More than 48 hours after Malaysia Airlines flight MH370 vanished above the South China Sea, police in Thailand have launched in investigation into a “passport ring” based on the resort island of Phuket. The Boeing 777, on a codeshare with China Southern Airlines, went missing less than an hour after takeoff from Kuala Lumpur en route to Beijing.
The names of two European men – Christian Kozel of Austria and Luigi Maraldi of Italy – appeared on the flight’s passenger manifest, but neither boarded the plane or even purchased tickets. Kozel reported his passport missing in 2012 and Maraldi had his stolen from a car rental agency last August; both incidents occurred in Phuket.
“The counterfeiting of all sorts of identifications is very widespread, particularly out of Thailand,” Steve Vickers, a Hong Kong-based risk consultant, told The Wall Street Journal. “It’s pretty easy to pick up a stolen or a counterfeit passport.”
Federal Bureau of Investigation (FBI) agents from the U.S. will join local authorities in Thailand amid concerns that the passenger jet could have been taken down by an act of terrorism.
E-ticket numbers for the phantom passengers were consecutive and both were paid in Thai baht. Flight itineraries show that both men were to continue to Amsterdam, with Kozel then connecting to Frankfurt and Maraldi heading for Copenhagen.
The International Criminal Police Organization (Interpol) criticized Malaysian officials for letting the wrong individuals board the flight.
“We have a real case where the world is speculating whether the stolen passport holders were terrorists, while Interpol is asking why only a handful of countries worldwide are taking care to make sure that persons possessing stolen passports are not boarding international flights,” said Interpol Secretary General Ronald Noble.
Interpol’s stolen passport registry contains more than 40 million entries. Countries that utilize it were able to identify more than 60,000 stolen travel documents in 2013.
“If [Malaysia Airlines] and all airlines worldwide were able to check the passport details of prospective passengers against Interpol’s database, then we would not have to speculate whether stolen passports were used by terrorists to board MH370,” Noble added.
Not everyone is convinced that the stolen passports have a connection to the airliner’s fate.

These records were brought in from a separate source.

(* A coherent tangent bundle restricted to the chart U, written in a
   positively oriented orthonormal frame (e1,e2) of E over U:
   - fiber metric = standard dot product, co-orientation mu = det2;
   - metric connection D: D_X e1 = om(X) e2, D_X e2 = - om(X) e1, i.e.
     D_X s = X s + om(X) J s, with om(d_u) = om_u, om(d_v) = om_v;
   - psi_u = psi(d_u), psi_v = psi(d_v);
   - coherence D_X psi(Y) - D_Y psi(X) = psi([X,Y]) on coordinate fields. *)
Record CTB_chart (U : pt -> Prop) := {
  om_u : pt -> R;
  om_v : pt -> R;
  psi_u : pt -> R * R;
  psi_v : pt -> R * R;
  om_u_smooth : smooth_on U om_u;
  om_v_smooth : smooth_on U om_v;
  psi_u_smooth : vsmooth_on U psi_u;
  psi_v_smooth : vsmooth_on U psi_v;
  coherent : forall q, U q ->
    vadd (vpu psi_v q) (vscal (om_u q) (Jrot (psi_v q)))
    = vadd (vpv psi_u q) (vscal (om_v q) (Jrot (psi_u q)))
}.

Arguments om_u {U}. Arguments om_v {U}.
Arguments psi_u {U}. Arguments psi_v {U}.

Section CTB.
Context {U : pt -> Prop} (C : CTB_chart U).

Definition psi_at (q : pt) (X : R * R) : R * R :=
  vadd (vscal (fst X) (psi_u C q)) (vscal (snd X) (psi_v C q)).

Definition lam (q : pt) : R := det2 (psi_u C q) (psi_v C q).

Definition singular (q : pt) : Prop := U q /\ lam q = 0.

Definition nondegenerate (q : pt) : Prop :=
  singular q /\ (pu lam q <> 0 \/ pv lam q <> 0).

Definition null_vector (q : pt) (eta : R * R) : Prop :=
  eta <> (0, 0) /\ psi_at q eta = (0, 0).

(* A_2: non-degenerate, and the null direction is transversal to the
   singular curve {lam = 0}, whose tangent line is ker d lam *)
Definition A2_point (q : pt) : Prop :=
  nondegenerate q /\
  forall eta, null_vector q eta -> pu lam q * fst eta + pv lam q * snd eta <> 0.

Definition rank1 (q : pt) : Prop :=
  lam q = 0 /\ (psi_u C q <> (0, 0) \/ psi_v C q <> (0, 0)).
End CTB.

Definition C1_regular_curve (S : pt -> Prop) (c cd : R -> pt) : Prop :=
  (forall t, 0 <= t < 1 -> S (c t)) /\
  (forall t, 0 < t < 1 ->
     is_derive (fun s => fst (c s)) t (fst (cd t)) /\
     is_derive (fun s => snd (c s)) t (snd (cd t))) /\
  filterlim (fun h => (fst (c h) - fst (c 0)) / h) (at_right 0) (locally (fst (cd 0))) /\
  filterlim (fun h => (snd (c h) - snd (c 0)) / h) (at_right 0) (locally (snd (cd 0))) /\
  (forall t, 0 <= t < 1 ->
     filterlim cd (within (fun s => 0 <= s < 1) (locally t)) (locally (cd t))) /\
  (forall t, 0 <= t < 1 -> cd t <> (0, 0)).

Definition peak {U : pt -> Prop} (C : CTB_chart U) (p : pt) : Prop :=
  singular C p /\ ~ A2_point C p /\
  exists V : pt -> Prop,
    open V /\ V p /\ (forall q, V q -> U q) /\
    (forall q, V q -> q <> p -> singular C q -> A2_point C q) /\
    rank1 C p /\
    exists cs : list ((R -> pt) * (R -> pt)),
      (forall c, In c cs -> C1_regular_curve V (fst c) (snd c) /\ fst c 0 = p) /\
      (forall q, V q ->
         (singular C q <->
          (q = p \/ exists c, In c cs /\ exists t, 0 <= t < 1 /\ fst c t = q))).

Definition riemannian_metric (U : pt -> Prop) (g11 g12 g22 : pt -> R) : Prop :=
  smooth_on U g11 /\ smooth_on U g12 /\ smooth_on U g22 /\
  forall q, U q -> 0 < g11 q /\ 0 < g11 q * g22 q - g12 q * g12 q.

(* (U;u,v) is a g-coordinate system: with ds^2 = psi^* <,> and
   ds^2(X,Y) = g(I X, Y), one has I d_u = l1 d_u, I d_v = l2 d_v, l1 < l2. *)
Definition g_coordinate_system {U : pt -> Prop} (C : CTB_chart U)
    (g11 g12 g22 : pt -> R) : Prop :=
  exists l1 l2 : pt -> R, forall q, U q ->
    0 <= l1 q < l2 q /\
    dot (psi_u C q) (psi_u C q) = l1 q * g11 q /\
    dot (psi_u C q) (psi_v C q) = l1 q * g12 q /\
    dot (psi_v C q) (psi_u C q) = l2 q * g12 q /\
    dot (psi_v C q) (psi_v C q) = l2 q * g22 q.

From Stdlib Require Import Reals Lra Psatz.
From Coquelicot Require Import Coquelicot.
Open Scope R_scope.

(* In a g-coordinate system the vectors psi(d_u) and psi(d_v) are orthogonal and
   psi(d_v) never vanishes, so at a singular point psi(d_u) = 0 and the image of
   any tangent vector (a, b) is b psi(d_v).  If the curve is not singular, its
   tangent at p is not null and the limit is just the normalized image of that
   tangent.  If the curve is singular, the limit is +-psi_v(p)/|psi_v(p)| as soon
   as b keeps a fixed sign near t = 0, which by continuity of gamma' follows once
   b has no zeros there.  It has none, because b cannot vanish at a
   point gamma(t) != p: there gamma' would be a multiple of d_u, so d_u psi(d_u)
   = 0 there, whence d_u lambda = 0 and the null direction d_u would be tangent
   to the singular curve, contradicting the A_2 condition near the peak. *)

Lemma ball_R (a e x : R) : ball a e x <-> Rabs (x - a) < e.
Proof. reflexivity. Qed.

Lemma locally_neq (a : R) : a <> 0 -> locally a (fun x => x <> 0).
Proof.
  intros Ha. exists (mkposreal (Rabs a) (Rabs_pos_lt a Ha)). intros x Hx ->.
  apply (proj1 (ball_R _ _ _)) in Hx; simpl in Hx. rewrite Rminus_0_l, Rabs_Ropp in Hx. lra.
Qed.

Lemma locally_open_unit (t : R) : 0 < t < 1 -> locally t (fun x => 0 < x < 1).
Proof. apply (open_and (fun x => 0 < x) (fun x => x < 1)); [apply open_gt | apply open_lt]. Qed.

Lemma at_right_0_interval (P : R -> Prop) :
  at_right 0 P -> exists d, 0 < d /\ forall t, 0 < t < d -> P t.
Proof.
  intros [e He]. exists e. split; [apply cond_pos |]. intros t [Ht0 Hte].
  apply He; [| exact Ht0]. apply (proj2 (ball_R _ _ _)). rewrite Rminus_0_r, Rabs_right; lra.
Qed.

Lemma at_right_0_lt1 : at_right 0 (fun t => t < 1).
Proof.
  exists (mkposreal 1 Rlt_0_1). intros t Ht _.
  apply (proj1 (ball_R _ _ _)), Rabs_def2 in Ht. simpl in Ht. lra.
Qed.

Lemma filterlim_id_at_right : filterlim (fun h : R => h) (at_right 0) (locally 0).
Proof. intros P [e HP]. exists e. intros y Hy _. apply HP, Hy. Qed.

Section PlaneLimits.
Context {T : Type} {F : (T -> Prop) -> Prop} {FF : Filter F}.

Lemma filterlim_fst_pt (h : T -> pt) w :
  filterlim h F (locally w) -> filterlim (fun t => fst (h t)) F (locally (fst w)).
Proof.
  intros H. apply (filterlim_comp _ _ _ h fst F _ _ H).
  intros P [e HP]. exists e. intros [x y] [Hx _]. apply HP, Hx.
Qed.

Lemma filterlim_snd_pt (h : T -> pt) w :
  filterlim h F (locally w) -> filterlim (fun t => snd (h t)) F (locally (snd w)).
Proof.
  intros H. apply (filterlim_comp _ _ _ h snd F _ _ H).
  intros P [e HP]. exists e. intros [x y] [_ Hy]. apply HP, Hy.
Qed.

Lemma filterlim_pt (h : T -> pt) w :
  filterlim (fun t => fst (h t)) F (locally (fst w)) ->
  filterlim (fun t => snd (h t)) F (locally (snd w)) ->
  filterlim h F (locally w).
Proof.
  intros Hf Hs P [e HP]. unfold filtermap.
  apply (filter_imp (fun t => ball (fst w) e (fst (h t)) /\ ball (snd w) e (snd (h t)))).
  - intros t Ht. apply HP. destruct w, (h t). exact Ht.
  - apply filter_and; [apply Hf | apply Hs]; exists e; auto.
Qed.

Lemma filterlim_vadd (h g : T -> R * R) v w :
  filterlim h F (locally v) -> filterlim g F (locally w) ->
  filterlim (fun t => vadd (h t) (g t)) F (locally (vadd v w)).
Proof.
  intros Hh Hg. exact (filterlim_comp_2 h g plus Hh Hg
    (@filterlim_plus _ (prod_NormedModule R_AbsRing R_NormedModule R_NormedModule) v w)).
Qed.

Lemma filterlim_vscal (k : T -> R) (h : T -> R * R) a w :
  filterlim k F (locally a) -> filterlim h F (locally w) ->
  filterlim (fun t => vscal (k t) (h t)) F (locally (vscal a w)).
Proof.
  intros Hk Hh. exact (filterlim_comp_2 k h scal Hk Hh
    (@filterlim_scal _ (prod_NormedModule R_AbsRing R_NormedModule R_NormedModule) a w)).
Qed.

Lemma filterlim_vnorm (h : T -> R * R) w :
  filterlim h F (locally w) -> filterlim (fun t => vnorm (h t)) F (locally (vnorm w)).
Proof.
  intros H. apply (filterlim_comp _ _ _ _ sqrt F (locally (dot w w)));
    [| apply continuous_sqrt].
  unfold dot.
  assert (Hsq : forall k : T -> R, forall a, filterlim k F (locally a) ->
      filterlim (fun t => k t * k t) F (locally (a * a))).
  { intros k a Hk. exact (filterlim_comp_2 k k Rmult Hk Hk (@filterlim_mult R_AbsRing a a)). }
  exact (filterlim_comp_2 _ _ Rplus (Hsq _ _ (filterlim_fst_pt h w H))
    (Hsq _ _ (filterlim_snd_pt h w H)) (@filterlim_plus _ R_NormedModule _ _)).
Qed.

“Any flight of that size in Asia would be carrying a couple of people with false passports,” said Clive Williams, a counter-terrorism expert at Macquarie University in Australia. “When you think about the number of passports that have been stolen or gone missing around the world, it could be related, but it is probably not.”
This morning, Malaysia’s Transport Minister Hishamuddin Hussein said that a total of four passengers are being investigated: the two impersonating Kozel and Marald, as well as two other travelers with European passports described as “possibly Ukrainian.”
“We have deployed our investigators to look through all the security camera footage. Also, they are interviewing immigration officials who let the impostors through,” one Malaysian official, on condition of anonymity, told The Star. “Early indications show some sort of security lapse.”
Adding to the mystery is another report, from Malaysia’s Interior Minister Zahid Hamidi, claiming that the two individuals using stolen passports were of Asian descent. Photos of Maraldi indicate that he is Caucasian.
“I am still puzzled how come [immigration officers] cannot think ‘an Italian and Austrian but with Asian facial features,’” Hamidi told Malaysia’s national news agency Bernama.
Vietnam’s Ministry of Information and Communications claimed to have located aircraft fragments about 80 kilometers south-southwest of Tho Chu Island late last night, but rescuers have failed to locate the debris today. Friends and family members of those on board have been told to “prepare for the worst.”